**WHAT THE TASK REQUIRES:** Restate verbatim the span of lines below between the line with "sumC (fun i => c * F i) n = c * sumC F n." and the line with "Lemma sumC_0 n : sumC (fun _ => 0) n = 0.", including those two lines, and only that span.

**DATASET RECORDS:**

(* Let $N$ be a positive integer and let $f:\mathbb{N}\to\mathbb{C}$ be periodic with period $N$. Let $a_n(q)$ be the sequence of polynomials in $q$ defined recursively by \[ a_0(q)=0,\qquad a_n(q) = f(n) + \left(1-q^{n-1}\right)a_{n-1}(q) \quad \text{for } n\in\mathbb{N}. \] Set $\zeta_N:=e^{2\pi i/N}$ and, for integers $k$, \[ c_k := \frac{1}{N}\sum_{1\le j\le N} f(j)\,\zeta_N^{(1-j)k}. \] Then for $q\in\mathbb{C}$ with $|q|<1$ the limit below exists and \[ \lim_{n\rightarrow\infty}\left( \sum_{1\le\ell\le n} f(\ell) - a_n(q)\right) = c_0S_0(q) - (q;q)_\infty \sum_{1\le k\le N-1} \frac{c_k}{(\zeta_N^k;q)_\infty} + \sum_{1\le k\le N-1} \frac{c_k}{1-\zeta_N^k}. \]
   Context: For $n\in\mathbb{N}_0\cup\{\infty\}$, $(a;q)_n := \prod_{j=0}^{n-1}(1-aq^j)$. $S_0(q):=\sum_{n\ge1}\sigma_0(n)q^n$, where $\sigma_0(n)=\sum_{d\mid n}1$ is the number of positive divisors of $n$. *)

From Stdlib Require Import Reals ZArith List Arith.
From Coquelicot Require Import Coquelicot.
Open Scope C_scope.

Definition Cpowz (z : C) (m : Z) : C :=
  if (0 <=? m)%Z then Cpow z (Z.to_nat m) else / Cpow z (Z.to_nat (- m)).

(* Csum F m n = F m + F (m+1) + ... + F n  (0 if n < m) *)
Definition Csum (F : nat -> C) (m n : nat) : C :=
  fold_right Cplus 0 (map F (seq m (S n - m))).

(* limit of a sequence in C (total operator; meaningful when the sequence converges) *)
Definition Clim (u : nat -> C) : C :=
  @lim C_CompleteNormedModule (filtermap u eventually).

Fixpoint qpoch (a q : C) (n : nat) : C :=
  match n with O => 1 | S m => qpoch a q m * (1 - a * Cpow q m) end.

Definition qpoch_inf (a q : C) : C := Clim (qpoch a q).

Definition sigma0 (n : nat) : nat :=
  length (filter (fun d => Nat.eqb (n mod d) 0) (seq 1 n)).

Definition S0 (q : C) : C :=
  Clim (fun n => Csum (fun m => RtoC (INR (sigma0 m)) * Cpow q m) 1 n).

Fixpoint aseq (f : nat -> C) (q : C) (n : nat) : C :=
  match n with
  | O => 0
  | S m => f (S m) + (1 - Cpow q m) * aseq f q m
  end.

Definition zetaN (N : nat) : C := (cos (2 * PI / INR N), sin (2 * PI / INR N)).

Definition ccoef (f : nat -> C) (N : nat) (k : Z) : C :=
  / RtoC (INR N) *
  Csum (fun j => f j * Cpowz (zetaN N) ((1 - Z.of_nat j) * k)%Z) 1 N.

From Stdlib Require Import Reals ZArith List Arith Lia Lra.
From Coquelicot Require Import Coquelicot.
Open Scope C_scope.

(* Expanding f in N-th roots of unity, f(j) = sum_k c_k zeta^(k(j-1)), and using that
   f |-> a_n(q) is linear, it suffices to treat f(j) = z^(j-1) with |z| <= 1.  Write V_n(w)
   for a_n(q) when f(j) = w^(j-1); then (1 - w) V_n(w) = V_n(wq) - w^n.  Iterating this n
   times and comparing with V_n(0) = (q;q)_(n-1) gives V_n(w) -> (q;q)_oo / (w;q)_oo for
   |w| <= |q|, hence the limit 1/(1-z) - (q;q)_oo/(z;q)_oo when z <> 1.  For z = 1,
   n - a_n(q) = Y_n(q), where Y_n(w) is a_n(q) for the weight f(j) = (j-1) w^(j-1);
   a companion functional equation telescopes Y_n(q) into the Lambert series
   sum_d q^d/(1-q^d) = S_0(q).  All error terms are O(n^2 |q|^n), because the products
   prod_k (1 + |q|^k) are bounded. *)

(** * Finite sums and limits *)

Fixpoint sumC (F : nat -> C) (n : nat) : C :=
  match n with O => 0 | S m => sumC F m + F m end.

Lemma sumC_ext (F G : nat -> C) n :
  (forall i, (i < n)%nat -> F i = G i) -> sumC F n = sumC G n.
Proof.
  induction n as [|n IH]; intros H; simpl; [reflexivity|].
  rewrite IH by (intros; apply H; lia). now rewrite H by lia.
Qed.

Lemma sumC_plus (F G : nat -> C) n :
  sumC (fun i => F i + G i) n = sumC F n + sumC G n.
Proof. induction n as [|n IH]; simpl; [ring|rewrite IH; ring]. Qed.

Lemma sumC_minus (F G : nat -> C) n :
  sumC (fun i => F i - G i) n = sumC F n - sumC G n.
Proof. induction n as [|n IH]; simpl; [ring|rewrite IH; ring]. Qed.

Lemma sumC_scal_l (c : C) (F : nat -> C) n :
  sumC (fun i => c * F i) n = c * sumC F n.
Proof. induction n as [|n IH]; simpl; [ring|rewrite IH; ring]. Qed.

Lemma sumC_scal_r (c : C) (F : nat -> C) n :
  sumC (fun i => F i * c) n = sumC F n * c.
Proof. induction n as [|n IH]; simpl; [ring|rewrite IH; ring]. Qed.

Lemma sumC_0 n : sumC (fun _ => 0) n = 0.
Proof. induction n as [|n IH]; simpl; [reflexivity|rewrite IH; ring]. Qed.

Lemma sumC_const_1 n : sumC (fun _ => 1) n = INR n.
Proof.
  induction n as [|n IH]; simpl sumC; [reflexivity|].
  rewrite IH, S_INR, RtoC_plus; reflexivity.
Qed.

Lemma sumC_Sl (F : nat -> C) n :
  sumC F (S n) = F 0%nat + sumC (fun i => F (S i)) n.
Proof.
  induction n as [|n IH]; [simpl; ring|].
  change (sumC F (S (S n))) with (sumC F (S n) + F (S n)).
  rewrite IH; simpl; ring.
Qed.

Lemma sumC_add (F : nat -> C) m k :
  sumC F (m + k) = sumC F m + sumC (fun i => F (m + i)%nat) k.
Proof.
  induction k as [|k IH]; simpl; [rewrite Nat.add_0_r; ring|].
  rewrite Nat.add_succ_r; simpl; rewrite IH; ring.
Qed.

Lemma sumC_swap (F : nat -> nat -> C) m n :
  sumC (fun i => sumC (fun j => F i j) n) m = sumC (fun j => sumC (fun i => F i j) m) n.
Proof.
  induction m as [|m IH]; simpl; [now rewrite sumC_0|].
  rewrite IH, <- sumC_plus; reflexivity.
Qed.

Lemma sumC_single (F : nat -> C) n i0 : (i0 < n)%nat ->
  (forall i, (i < n)%nat -> i <> i0 -> F i = 0) -> sumC F n = F i0.
Proof.
  induction n as [|n IH]; intros Hi H; [lia|simpl].
  destruct (Nat.eq_dec i0 n) as [->|Hne].
  - rewrite (sumC_ext F (fun _ => 0)), sumC_0; [ring|].
    intros i Hi'; apply H; lia.
  - rewrite IH, (H n); [ring|lia..|intros; apply H; lia].
Qed.

Lemma Cmod_sumC_le (F : nat -> C) n M :
  (forall i, (i < n)%nat -> (Cmod (F i) <= M)%R) -> (Cmod (sumC F n) <= INR n * M)%R.
Proof.
  induction n as [|n IH]; intros H; simpl sumC.
  - rewrite Cmod_0; simpl; lra.
  - eapply Rle_trans; [apply Cmod_triangle|].
    rewrite S_INR.
    assert (H1 := IH (fun i Hi => H i ltac:(lia))). assert (H2 := H n ltac:(lia)). lra.
Qed.

Lemma sumC_geom (w : C) n : (1 - w) * sumC (Cpow w) n = 1 - Cpow w n.
Proof.
  induction n as [|n IH]; simpl sumC; [simpl; ring|].
  rewrite Cmult_plus_distr_l, IH; simpl; ring.
Qed.

Lemma Csum_sumC (F : nat -> C) n : Csum F 1 n = sumC (fun i => F (S i)) n.
Proof.
  unfold Csum. replace (S n - 1)%nat with n by lia.
  assert (H : forall m, fold_right Cplus 0 (map F (seq m n)) = sumC (fun i => F (m + i)%nat) n).
  { induction n as [|n IH]; intros m; [reflexivity|].
    rewrite sumC_Sl; simpl; rewrite IH, Nat.add_0_r.
    f_equal; apply sumC_ext; intros; f_equal; lia. }
  apply H.
Qed.

Definition cv (u : nat -> C) (l : C) : Prop :=
  forall eps, (0 < eps)%R ->
  exists N, forall n, (N <= n)%nat -> (Cmod (u n - l) < eps)%R.

Lemma cv_ext u v l : (forall n, u n = v n) -> cv u l -> cv v l.
Proof.
  intros H Hu eps He. destruct (Hu eps He) as [N HN].
  exists N; intros n Hn; rewrite <- H; auto.
Qed.

Lemma cv_S_iff u l : cv (fun n => u (S n)) l <-> cv u l.
Proof.
  split; intros H eps He; destruct (H eps He) as [N HN].
  - exists (S N); intros [|n] Hn; [lia|apply HN; lia].
  - exists N; intros n Hn; apply HN; lia.
Qed.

**RESULT OF THIS EXERCISE:**
  sumC (fun i => c * F i) n = c * sumC F n.
Proof. induction n as [|n IH]; simpl; [ring|rewrite IH; ring]. Qed.

Lemma sumC_scal_r (c : C) (F : nat -> C) n :
  sumC (fun i => F i * c) n = sumC F n * c.
Proof. induction n as [|n IH]; simpl; [ring|rewrite IH; ring]. Qed.

Lemma sumC_0 n : sumC (fun _ => 0) n = 0.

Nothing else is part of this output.